For inference workloads, proximity to the user matters: latency-sensitive applications like real-time conversational AI benefit from having inference capacity close to the request origin. Training workloads, by contrast, are not user-facing and can be routed to whichever region offers the best combination of GPU availability and power cost.

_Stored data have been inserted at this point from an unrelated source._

Lemma parentP v : v != r -> e v (parent v) /\ (depth (parent v)).+1 = depth v.
Proof.
move=> vr; rewrite /parent; case: pickP => [w /andP [ew /eqP dw] | none] //=.
case: (shortest_path v) => p; case/lastP: p => [|q w] pq [lp sp].
  by move: vr; rewrite -lp eqxx.
move: pq lp sp; rewrite rcons_path last_rcons size_rcons => /andP [pq eqv] wv dv; subst w.
have := none (last r q); rewrite e_sym eqv -dv eqSS eqn_leq depth_min //=.
by rewrite -ltnS dv depth_edge.
Qed.

Lemma root_neighbour : 1 < #|T| -> exists u, e r u.
Proof.
case/card_gt1P => x [y [_ _ xy]].
have [t tr] : exists t, t != r.
  by case: (eqVneq x r) => [xr|]; [exists y; rewrite -xr eq_sym | exists x].
have /connectP [[|u p] /= pp tp] := e_conn r t; first by rewrite tp eqxx in tr.
by exists u; case/andP: pp.
Qed.

(* Going up from [u] and [u'] to a common ancestor yields a simple path. *)
Lemma same_depth_path k u u' : depth u = k -> depth u' = k -> u != u' ->
  exists q, [/\ path e u (rcons q u'), uniq (u :: rcons q u'), 0 < size q
              & all (fun w => depth w < k) q].
Proof.
elim: k u u' => [|k IH] u u' du du' uu'.
  by move: uu'; move/eqP: du; move/eqP: du'; rewrite !depth_eq0 => /eqP-> /eqP->; rewrite eqxx.
have [ur u'r] : u != r /\ u' != r by rewrite -!depth_eq0 du du'.
case: (parentP ur) (parentP u'r) => eu + [eu'].
rewrite du du' => -[pu] [pu'].
have low w : depth w < k.+1 -> w != u /\ w != u'.
  by move=> lt; split; apply: contraTneq lt => ->; rewrite ?du ?du' ltnn.
have [E|N] := eqVneq (parent u) (parent u').
  have [pu_u pu_u'] := low _ (eq_leq pu).
  exists [:: parent u]; split => //=.
  - by rewrite eu E e_sym eu'.
  - by rewrite !inE negb_or uu' eq_sym pu_u pu_u'.
  - by rewrite pu ltnSn.
case: (IH _ _ pu pu' N) => q [pq uq sq aq].
have aX : all (fun w => depth w < k.+1) (parent u :: rcons q (parent u')).
  by rewrite /= all_rcons pu pu' ltnSn; apply: sub_all aq => w /ltnW.
exists (parent u :: rcons q (parent u')); split => //.
- by rewrite rcons_cons /= eu rcons_path pq last_rcons e_sym eu'.
- rewrite cons_uniq rcons_uniq mem_rcons in_cons negb_or uu' uq andbT /=.
  by apply/andP; split; apply/negP => /(allP aX); rewrite /= ?du ?du' ltnn.
Qed.

Lemma edge_depth_neq u v : e u v -> depth u != depth v.
Proof.
move=> euv; apply/eqP => duv.
have uv : u != v by apply: contraTneq euv => ->; rewrite e_irr.
case: (same_depth_path erefl (esym duv) uv) => q [pq uq sq _].
have := e_acyc uq pq; rewrite size_rcons ltnS sq last_rcons e_sym euv.
by move/(_ isT).
Qed.

Lemma parent_unique v u u' : e v u -> e v u' ->
  (depth u).+1 = depth v -> (depth u').+1 = depth v -> u = u'.
Proof.
move=> evu evu' du du'; apply/eqP; apply: contraT => uu'.
have duu : depth u' = depth u by apply/succn_inj; rewrite du du'.
case: (same_depth_path erefl duu uu') => q [pq uq sq aq].
have below : all (fun w => depth w < depth v) (u :: rcons q u').
  by rewrite /= all_rcons -du duu ltnSn; apply: sub_all aq => w /ltnW.
have v_notin : v \notin u :: rcons q u' by apply/negP => /(allP below); rewrite ltnn.
have := @e_acyc v (u :: rcons q u').
rewrite cons_uniq v_notin uq /= evu pq size_rcons last_rcons e_sym evu'.
by move/(_ isT isT isT).
Qed.

Lemma parent_of_edge u v : e u v -> (depth u).+1 = depth v ->
  v != r /\ parent v = u.
Proof.
move=> euv duv; have vr : v != r by rewrite -depth_eq0 -duv.
have [evp dp] := parentP vr; split => //.
by apply: parent_unique evp _ dp duv; rewrite e_sym.
Qed.

Lemma edge_parent u v : e u v ->
  (v != r /\ parent v = u) \/ (u != r /\ parent u = v).
Proof.
move=> euv; have evu : e v u by rewrite e_sym.
have := edge_depth_neq euv; have := depth_edge euv; have := depth_edge evu.
case: (ltngtP (depth u) (depth v)) => [lt|gt|->]; rewrite ?eqxx // => du dv _.
- by left; apply: parent_of_edge euv _; apply/eqP; rewrite eqn_leq lt dv.
- by right; apply: parent_of_edge evu _; apply/eqP; rewrite eqn_leq gt du.
Qed.

Definition ancestor k v := iter (depth v - k) parent v.

Lemma depth_iter_parent n v : n <= depth v -> depth (iter n parent v) = depth v - n.
Proof.
elim: n => [|n IH] h /=; first by rewrite subn0.
have IH' := IH (ltnW h).
have vr : iter n parent v != r by rewrite -depth_eq0 IH'; lia.
have [_ dp] := parentP vr; lia.
Qed.

Lemma depth_ancestor k v : k <= depth v -> depth (ancestor k v) = k.
Proof. by move=> h; rewrite depth_iter_parent ?leq_subr //; lia. Qed.

Lemma ancestor_depth v : ancestor (depth v) v = v.
Proof. by rewrite /ancestor subnn. Qed.

Lemma ancestor0 v : ancestor 0 v = r.
Proof. by apply/eqP; rewrite -depth_eq0 depth_ancestor. Qed.

Lemma ancestor_edge i v : i < depth v -> e (ancestor i.+1 v) (ancestor i v).
Proof.
move=> h; have -> : ancestor i v = parent (ancestor i.+1 v).
  by rewrite /ancestor (_ : depth v - i = (depth v - i.+1).+1) //; lia.
by apply: (parentP _).1; rewrite -depth_eq0 depth_ancestor.
Qed.

Lemma ancestor_parent i v : v != r -> i <= depth (parent v) ->
  ancestor i (parent v) = ancestor i v.
Proof.
move=> vr h; have [_ dp] := parentP vr.
by rewrite /ancestor (_ : depth v - i = (depth (parent v) - i).+1) ?iterSr //; lia.
Qed.
Lemma card_bigcup_disjoint (I T : finType) (A : {pred I}) (S : I -> {set T}) :
  (forall i i' t, i \in A -> i' \in A -> t \in S i -> t \in S i' -> i = i') ->
  #|\bigcup_(i in A) S i| = (\sum_(i in A) #|S i|)%N.
Proof.
move=> disjS; rewrite -card_set_pairs -(card_in_imset (f := snd)).
  apply: eq_card => t; apply/bigcupP/imsetP => [[i iA tS]|[[i t'] /=]].
    by exists (i, t); rewrite // inE iA.
  by rewrite inE => /andP[iA tS] ->; exists i.
move=> [i t] [i' t'] /=; rewrite !inE => /andP[iA tS] /andP[iA' tS'] /= ett'.
by rewrite ett' in tS *; rewrite (disjS i i' t').
Qed.

Section OrdinalGaps.
Variables (m : nat) (E : {set 'I_m.+1}) (D : {set 'I_m}).

(* Discontinuity [j] separates the pieces [lift ord_max j] (value [j]) and
   [lift ord0 j] (value [j.+1]). *)
Definition two_sided : {set 'I_m} :=
  [set j in D | (lift ord_max j \in E) && (lift ord0 j \in E)].

Lemma ord_lt_lift_max (i k : 'I_m.+1) : (i < k)%N -> exists j : 'I_m, i = lift ord_max j.
Proof.
case: (unliftP ord_max i) => [j ->|->]; first by exists j.
by rewrite /= ltnNge -ltnS ltn_ord.
Qed.

Lemma ord_lt_lift0 (i k : 'I_m.+1) : (i < k)%N -> exists j : 'I_m, k = lift ord0 j.
Proof. by case: (unliftP ord0 k) => [j ->|->]; [exists j|rewrite ltn0]. Qed.

Lemma ord_min_lt : (0 < #|E|)%N ->
  exists2 e0, e0 \in E & {in E, forall k, k != e0 -> (e0 < k)%N}.
Proof.
case/card_gt0P => e eE; case: (arg_minnP (fun i : 'I_m.+1 => i : nat) eE) => e0 e0E e0min.
exists e0 => // k kE ke0; rewrite ltn_neqAle e0min // andbT.
by apply: contra ke0; rewrite eq_sym val_eqE.
Qed.

Lemma card_le_lift0 (e0 : 'I_m.+1) (S : {set 'I_m}) :
  E \subset e0 |: lift ord0 @: S -> (#|E| <= #|S|.+1)%N.
Proof.
move/subset_leq_card/leq_trans; apply.
rewrite cardsU1 card_imset; last exact: lift_inj.
by rewrite -[#|S|.+1]add1n leq_add2r leq_b1.
Qed.

Lemma card_two_sided_lt : (0 < #|E|)%N -> (#|two_sided| < #|E|)%N.
Proof.
case/card_gt0P => e eE; case: (arg_minnP (fun i : 'I_m.+1 => i : nat) eE) => e0 e0E e0min.
have : e0 |: lift ord0 @: two_sided \subset E.
  apply/fintype.subsetP => k; rewrite in_setU1 => /predU1P[-> //|/imsetP[j]].
  by rewrite inE => /and3P[_ _ jE] ->.
move/subset_leq_card; apply: leq_trans.
rewrite cardsU1 card_imset; last exact: lift_inj.
suff -> : e0 \notin lift ord0 @: two_sided by [].
apply/imsetP => -[j]; rewrite inE => /and3P[_ jE _] e0j.
by have := e0min _ jE; rewrite e0j lift0 lift_max ltnn.
Qed.

Hypothesis gaps : forall (i k : 'I_m.+1) (j : 'I_m),
  i \in E -> k \in E -> (i <= j < k)%N -> j \in D.

Lemma card_gaps_le : (#|E| <= #|D|.+1)%N.
Proof.
case: (posnP #|E|) => [-> //|/ord_min_lt[e0 e0E e0min]].
apply: (card_le_lift0 (e0 := e0)); apply/fintype.subsetP => k kE; rewrite in_setU1.
case: eqVneq => //= ke0; have e0k := e0min k kE ke0.
have [j kj] := ord_lt_lift0 e0k; subst k.
have e0j : (e0 <= j)%N by move: e0k; rewrite lift0.
by rewrite imset_f //; apply: (gaps e0E kE); rewrite e0j lift0 ltnSn.
Qed.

Workload distribution and orchestration

AI workloads fall into several distinct categories, each with different infrastructure demands. Training — the process of building a model from data — is the most compute-intensive, requiring thousands of GPUs communicating in tight synchrony for weeks or months. Inference — running a trained model to generate predictions or responses — is less demanding per-request but must be served at scale and low latency. Fine-tuning, reinforcement learning from human feedback (RLHF), and batch evaluation fall in between.

Figure 3 — The four primary AI workload categories and their relative infrastructure demands. Training dominates GPU, network, and power budgets. Inference is latency-sensitive and geographically distributed.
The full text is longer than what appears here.